I’m sure the mystery helps his popularity, but it totally makes sense that a guy who illegally spray paints stuff for a living would want to maintain a low profile. I guess it’s slightly tricky, but it’s also pretty straightforward.
(unlike, say, my wang, which is considered extremely tangible — it even comes in a box!)
your mom’s box! *straightens flat brimmed hat, continues hot gluing rhinestones onto Affliction shirt*
Let me guess. His first name is something girly. Like, oh I don’t know… Ansley, right?
“…chinchilla in a fucking gas mask popping out of a top hat…”
Mom?
Shop, I want that on my wall. Chinchillas are adorable!
I’m not a defender of graffiti by any means, but the places Banksy sprays, it seems like his paintings are an improvement. The idiots he inspires, probably not so much, but still…
Close enough, Crappy.
At least the graffiti star in Delillo’s Underworld had the common decency to be dying of AIDS.
*heads to Home Depot for another gallon of Transgel and scrub brushes.
For the last time, guys, it’s B-U-R-N-S-Y.

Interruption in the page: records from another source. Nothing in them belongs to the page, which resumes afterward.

(* Let $J$ be a locally profinite group and $J^1$ a compact normal subgroup. Let $A$ be a finite length local $W(\overline{\mathbb{F}}_l)$-algebra with residue field $\overline{\mathbb{F}}_l$, and let $\eta_A$ be a finite-dimensional representation of $J^1$ over $A$ such that $\eta_A\otimes_A\overline{\mathbb{F}}_l$ is irreducible. Suppose $\eta_A$ extends to an $A$-representation $\Lambda_A$ of $J$. Then any other extension $\Lambda'_A$ of $\eta_A$ to a representation of $J$ is isomorphic to the twist of $\Lambda_A$ by a character of $J/J^1$ (with values in $A^\times$). *)

From HB Require Import structures.
From mathcomp Require Import all_boot all_order all_algebra.
From mathcomp Require Import all_classical all_reals all_analysis.
Set Implicit Arguments. Unset Strict Implicit. Unset Printing Implicit Defensive.
Import Order.TTheory GRing.Theory Num.Theory.
Local Open Scope classical_set_scope.
Local Open Scope ring_scope.

Section TopGroups.
Variables (T : topologicalType) (mul : T -> T -> T) (inv : T -> T) (one : T).

Definition is_group : Prop :=
  [/\ forall x y z, mul x (mul y z) = mul (mul x y) z,
      forall x, mul one x = x /\ mul x one = x &
      forall x, mul (inv x) x = one /\ mul x (inv x) = one].

Definition is_subgroup (H : set T) : Prop :=
  [/\ H one, forall x y, H x -> H y -> H (mul x y) & forall x, H x -> H (inv x)].

Definition is_normal_subgroup (H : set T) : Prop :=
  is_subgroup H /\ forall g h, H h -> H (mul (mul g h) (inv g)).

Definition locally_profinite_group : Prop :=
  [/\ is_group,
      continuous (fun p : T * T => mul p.1 p.2),
      continuous inv,
      hausdorff_space T &
      forall U : set T, nbhs one U ->
        exists K : set T, [/\ K `<=` U, is_subgroup K, open K & compact K]].

Definition is_rep_on (A : pzRingType) (n : nat) (H : set T) (rho : T -> 'M[A]_n)
  : Prop :=
  rho one = 1%:M /\ forall g h, H g -> H h -> rho (mul g h) = rho g *m rho h.

Definition smooth_on (V : Type) (H : set T) (rho : T -> V) : Prop :=
  exists U : set T, [/\ open U, U one & forall h, H h -> U h -> rho h = rho one].

Definition irreducible_on (k : fieldType) (n : nat) (H : set T)
  (rho : T -> 'M[k]_n) : Prop :=
  (0 < n)%N /\
  forall U : 'M[k]_n, (forall h, H h -> stablemx U (rho h)) ->
     (U == (0 : 'M[k]_n))%MS \/ row_full U.

(* smooth A^x-valued character of T trivial on H, i.e. of T/H *)
Definition is_character_mod (A : comUnitRingType) (H : set T) (chi : T -> A) : Prop :=
  [/\ chi one = 1,
      forall g h, chi (mul g h) = chi g * chi h,
      forall g, chi g \is a GRing.unit,
      forall h, H h -> chi h = 1 &
      smooth_on setT chi].

End TopGroups.

Definition is_ideal (A : comPzRingType) (I : set A) : Prop :=
  [/\ I 0, forall x y, I x -> I y -> I (x + y) & forall a x, I x -> I (a * x)].

Definition finite_length (A : comPzRingType) : Prop :=
  exists (r : nat) (I : nat -> set A),
    [/\ I 0%N = setT, I r = [set 0],
        forall i, (i <= r)%N -> is_ideal (I i) &
        forall i, (i < r)%N ->
          [/\ I i.+1 `<=` I i, I i.+1 != I i &
              forall J, is_ideal J -> I i.+1 `<=` J -> J `<=` I i ->
                J = I i.+1 \/ J = I i]].

Definition is_algebraic_closure_of_Fp (k : closedFieldType) (l : nat) : Prop :=
  [/\ prime l, (l \in [pchar k])%N &
      forall x : k, exists p : {poly k},
        [/\ p != 0, forall i, exists m : nat, p`_i = m%:R & root p x]].

(* A is local with residue map pi : A -> k (kernel = non-units = maximal ideal) *)
Definition local_with_residue (A : comUnitRingType) (k : fieldType)
  (pi : {rmorphism A -> k}) : Prop :=
  (forall y : k, exists a : A, pi a = y) /\
  forall a : A, (a \is a GRing.unit) = (pi a != 0).

From HB Require Import structures.
From mathcomp Require Import all_boot all_order all_algebra.
From mathcomp Require Import all_classical all_reals all_analysis.
From mathcomp Require Import ring.
Set Implicit Arguments. Unset Strict Implicit. Unset Printing Implicit Defensive.
Import Order.TTheory GRing.Theory Num.Theory.
Local Open Scope classical_set_scope.
Local Open Scope ring_scope.

(* Conjugating [eta] by [Lam g] or by [Lam' g] gives [eta] composed with conjugation
   by [g], so the intertwiner [Lam g^-1 * Lam' g] commutes with [eta(J1)].  Modulo the
   maximal ideal this commutant is scalar by Schur's lemma, and climbing a composition
   series of [A], whose layers are copies of the residue field, lifts scalarity to [A]
   one layer at a time.  The scalar [chi g] then satisfies [Lam' = chi *: Lam], which
   forces [chi] to be a smooth character trivial on [J1]. *)

Section Ideals.
Variables (A : comPzRingType) (I : set A).
Hypothesis idealI : is_ideal I.

Lemma ideal0 : I 0. Proof. by case: idealI. Qed.

Lemma idealD x y : I x -> I y -> I (x + y). Proof. by case: idealI => _ + _; apply. Qed.

Lemma idealMl a x : I x -> I (a * x). Proof. by case: idealI => _ _; apply. Qed.

Lemma idealMr a x : I x -> I (x * a). Proof. by rewrite mulrC; apply: idealMl. Qed.

Lemma idealN x : I x -> I (- x). Proof. by rewrite -mulN1r; apply: idealMl. Qed.

Lemma ideal_sum (J : Type) (r : seq J) (P : pred J) (F : J -> A) :
  (forall j, P j -> I (F j)) -> I (\sum_(j <- r | P j) F j).
Proof. by move=> IF; elim/big_ind: _ => //; [apply: ideal0 | apply: idealD]. Qed.

Definition ideal_adjoin (w : A) : set A := [set y | exists b, I (y - b * w)].

Lemma ideal_adjoin_ideal w : is_ideal (ideal_adjoin w).
Proof.
split.
- by exists 0; rewrite mul0r subr0; apply: ideal0.
- move=> y y' [b Ib] [b' Ib']; exists (b + b').
  have -> : y + y' - (b + b') * w = (y - b * w) + (y' - b' * w) by ring.
  exact: idealD.
- move=> c y [b Ib]; exists (c * b).
  have -> : c * y - c * b * w = c * (y - b * w) by ring.
  exact: idealMl.
Qed.

Lemma sub_ideal_adjoin w : I `<=` ideal_adjoin w.
Proof. by move=> y Iy; exists 0; rewrite mul0r subr0. Qed.

Lemma ideal_adjoin_mem w : ideal_adjoin w w.
Proof. by exists 1; rewrite mul1r subrr; apply: ideal0. Qed.

Lemma ideal_adjoin_sub (I' : set A) w :
  is_ideal I' -> I `<=` I' -> I' w -> ideal_adjoin w `<=` I'.
Proof.
move=> idealI' sII' I'w y [b Ib].
have -> : y = (y - b * w) + b * w by ring.
by case: idealI' => _ I'D I'M; apply: I'D; [apply: sII' | apply: I'M].
Qed.

End Ideals.

Definition mx_in_ideal (A : comPzRingType) (m n : nat) (I : set A) (Z : 'M[A]_(m, n)) :=
  forall i j, I (Z i j).

Section MatricesOverIdeals.
Variables (A : comPzRingType) (I : set A).
Hypothesis idealI : is_ideal I.

Lemma mx_in_idealD m n (Z1 Z2 : 'M[A]_(m, n)) :
  mx_in_ideal I Z1 -> mx_in_ideal I Z2 -> mx_in_ideal I (Z1 + Z2).
Proof. by move=> IZ1 IZ2 i j; rewrite mxE; apply: idealD. Qed.

Lemma mx_in_idealN m n (Z : 'M[A]_(m, n)) : mx_in_ideal I Z -> mx_in_ideal I (- Z).
Proof. by move=> IZ i j; rewrite mxE; apply: idealN. Qed.
(* Let $p$ and $q$ be distinct odd primes and $x,y$ nonzero integers with $x^p-y^q=1$. Let $G=\mathrm{Gal}(\mathbb{Q}(\zeta_p)/\mathbb{Q})$ and $$X=\{\theta\in\mathbb{Z}[G]\;:\;\exists\,\alpha\in\mathbb{Q}(\zeta_p)^* \text{ with } (x-\zeta_p)^\theta=\alpha^q\}.$$ Then $X$ is an additive subgroup of $\mathbb{Z}[G]$, for each $\theta\in X$ the element $\alpha\in\mathbb{Q}(\zeta_p)^*$ with $(x-\zeta_p)^\theta=\alpha^q$ is unique, and the map $X\to\mathbb{Q}(\zeta_p)^*$, $\theta\mapsto\alpha$, is an injective group homomorphism.
   Context: $\zeta_p=e^{2i\pi/p}$. The group ring $\mathbb{Z}[G]$ acts exponentially on $\mathbb{Q}(\zeta_p)^*$: for $\theta=\sum_{\tau\in G}n_\tau\tau$ and $z\in\mathbb{Q}(\zeta_p)^*$, $z^\theta=\prod_{\tau\in G}\tau(z)^{n_\tau}$. *)

From HB Require Import structures.
From mathcomp Require Import all_boot all_order all_algebra all_fingroup all_solvable all_field.
Set Implicit Arguments. Unset Strict Implicit. Unset Printing Implicit Defensive.
Import GRing.Theory Num.Theory.
Local Open Scope ring_scope.

(* The number field L plays the role of Q(zeta_p); its Galois group over Q is
   gal_of (fullv : {vspace L}) (all automorphisms of L fixing the base field rat). *)
Definition galQ (L : splittingFieldType rat) := gal_of (fullv : {vspace L}).

(* The group ring Z[G], with G = Gal(L/Q): integer-valued functions on G. *)
Definition ZG (L : splittingFieldType rat) := {ffun galQ L -> int}.
(* Let $S$ be a $0$-left cancellative semigroup admitting least common multiples, and let $\pi$ be a representation of $S$ on a set $\Omega$ which respects least common multiples. Then the inverse subsemigroup $\mathcal I(\Omega,\pi)$ of $\mathcal I(\Omega)$ generated by $\{\pi_s:s\in S\}$ equals $$\{\pi_u f_\Lambda \pi_v^{-1} : \Lambda\subseteq\tilde S \text{ finite},\ \Lambda\cap S\neq\emptyset,\ u,v\in\Lambda\}.$$
   Context: $S$ is a semigroup with zero $0$; it is $0$-left cancellative if $st=sr\neq0$ implies $t=r$. Let $\tilde S=S\cup\{1\}$ where $1\notin S$ acts as an identity. For $s,t\in S$, $s$ divides $t$ ($s\mid t$) if $t\in s\tilde S$. An element $r\in S$ is a least common multiple of $s,t\in S$ if $sS\cap tS=rS$ and both $s\mid r$ and $t\mid r$; $S$ admits least common multiples if every pair of elements has one. $\mathcal I(\Omega)$ is the inverse semigroup of all partial bijections of $\Omega$. A representation of $S$ on $\Omega$ is a map $s\mapsto\pi_s\in\mathcal I(\Omega)$ with $\pi_0$ the empty map and $\pi_s\circ\pi_t=\pi_{st}$. Write $E_s$ for the range of $\pi_s$. $\pi$ respects least common multiples if $E_r=E_s\cap E_t$ whenever $r$ is a least common multiple of $s$ and $t$. Extend $\pi$ to $\tilde S$ by $\pi_1=\mathrm{id}_\Omega$. For $u\in\tilde S$ let $f_u=\pi_u^{-1}\pi_u$ (identity on the domain of $\pi_u$), and for finite nonempty $\Lambda\subseteq\tilde S$ let $f_\Lambda=\prod_{u\in\Lambda}f_u$. *)

From Stdlib Require Import List.
Import ListNotations.

(* Partial maps on Omega as relations: [r x y] means r maps x to y. *)
Definition prel (Omega : Type) := Omega -> Omega -> Prop.

Definition is_pbij {Omega : Type} (r : prel Omega) : Prop :=
  (forall x y z, r x y -> r x z -> y = z) /\
  (forall x y z, r x z -> r y z -> x = y).

(* Composition [pcomp f g] = f o g (apply g first, then f). *)
Definition pcomp {Omega : Type} (f g : prel Omega) : prel Omega :=
  fun x z => exists y, g x y /\ f y z.

Definition pinv {Omega : Type} (f : prel Omega) : prel Omega :=
  fun x y => f y x.

Definition pid (Omega : Type) : prel Omega := fun x y => x = y.

Definition pempty (Omega : Type) : prel Omega := fun _ _ => False.

Definition prange {Omega : Type} (f : prel Omega) : Omega -> Prop :=
  fun y => exists x, f x y.

Definition is_semigroup_with_zero {S : Type} (mul : S -> S -> S) (z : S) : Prop :=
  (forall a b c, mul a (mul b c) = mul (mul a b) c) /\
  (forall a, mul z a = z) /\ (forall a, mul a z = z).

Definition zero_left_cancellative {S : Type} (mul : S -> S -> S) (z : S) : Prop :=
  forall s t r, mul s t = mul s r -> mul s t <> z -> t = r.

(* s | t iff t in s S~, S~ = S ∪ {1}. *)
Definition sdivides {S : Type} (mul : S -> S -> S) (s t : S) : Prop :=
  t = s \/ exists x, t = mul s x.

Definition is_lcm {S : Type} (mul : S -> S -> S) (s t r : S) : Prop :=
  (forall x, ((exists a, x = mul s a) /\ (exists b, x = mul t b))
             <-> exists c, x = mul r c) /\
  sdivides mul s r /\ sdivides mul t r.

Definition admits_lcm {S : Type} (mul : S -> S -> S) : Prop :=
  forall s t, exists r, is_lcm mul s t r.

Definition is_representation {S Omega : Type} (mul : S -> S -> S) (z : S)
  (pi : S -> prel Omega) : Prop :=
  (forall s, is_pbij (pi s)) /\
  pi z = pempty Omega /\
  (forall s t, pcomp (pi s) (pi t) = pi (mul s t)).

Definition respects_lcm {S Omega : Type} (mul : S -> S -> S)
  (pi : S -> prel Omega) : Prop :=
  forall s t r, is_lcm mul s t r ->
    forall y, prange (pi r) y <-> (prange (pi s) y /\ prange (pi t) y).

(* Extension to S~ = option S, with None playing the role of 1. *)
Definition pit {S Omega : Type} (pi : S -> prel Omega) (u : option S) : prel Omega :=
  match u with Some s => pi s | None => pid Omega end.

Definition fu {S Omega : Type} (pi : S -> prel Omega) (u : option S) : prel Omega :=
  pcomp (pinv (pit pi u)) (pit pi u).

Definition fLam {S Omega : Type} (pi : S -> prel Omega) (L : list (option S)) : prel Omega :=
  fold_right (fun u acc => pcomp (fu pi u) acc) (pid Omega) L.

Inductive gen_inv_sub {S Omega : Type} (pi : S -> prel Omega) : prel Omega -> Prop :=
  | gen_base : forall s, gen_inv_sub pi (pi s)
  | gen_comp : forall f g, gen_inv_sub pi f -> gen_inv_sub pi g ->
                 gen_inv_sub pi (pcomp f g)
  | gen_inv : forall f, gen_inv_sub pi f -> gen_inv_sub pi (pinv f).

(* Write an element of I(Ω) in normal form π_u f_Λ π_v^{-1}: it sends π_v y to
   π_u y for every y in the common domain of the π_l, l ∈ Λ. Normal forms are
   closed under inversion (swap u and v) and under composition: in
   π_u f_Λ π_v^{-1} π_w f_M π_k^{-1} pick a least common multiple va = wb of v
   and w; since E_{va} = E_v ∩ E_w, the product is
   π_{ua} f_{Λa ∪ {va} ∪ Mb} π_{kb}^{-1}. Conversely a normal form is a product
   of generators, because f_Λ = f_Λ f_s = f_Λ π_s^{-1} π_s whenever s ∈ Λ. *)

From Stdlib Require Import List FunctionalExtensionality PropExtensionality.
Import ListNotations.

That woman’s right eye will forever haunt Him.
Hiding your identity is inherently shady. You don’t see me using a pseudonym on the internet just because I’m ashamed of making dick jokes.
Am I alone in thinking it would be hilarious if everyone affiliated with the film who shows up to the next award show gets arrested for vandalism?
I am alone? Guess it will just be me at my superbowl party… again.
Just saw this on the FoxNews™ ticker:
White guys who spray paint on walls viewed as douchebags by public.
Pretty straightforward.
I read FoxNews ticker and thought Baboon heart!
Magic records and a baboon heart?… (imagines Marisa Tomei anchoring FoxNews)
I was expecting this post to be an Andrew WK squeaquel.
There’s a Banksy original under my scrotum. True story! That dude can strike anywhere, anytime. He’s like if the flu and teenage boners combined.
What am I bid for Burnsy’s identity? Two bits? Do I hear two bits?
“why do people always accuse Banksy of being some trickster/prankster/publicity stunt king?”
How about when he walked into galleries and added his own art? Or the whole West Bank thing?
He sneaks places to put up his art, but after that, where is the subterfuge? The art itself always seems pretty straightforward.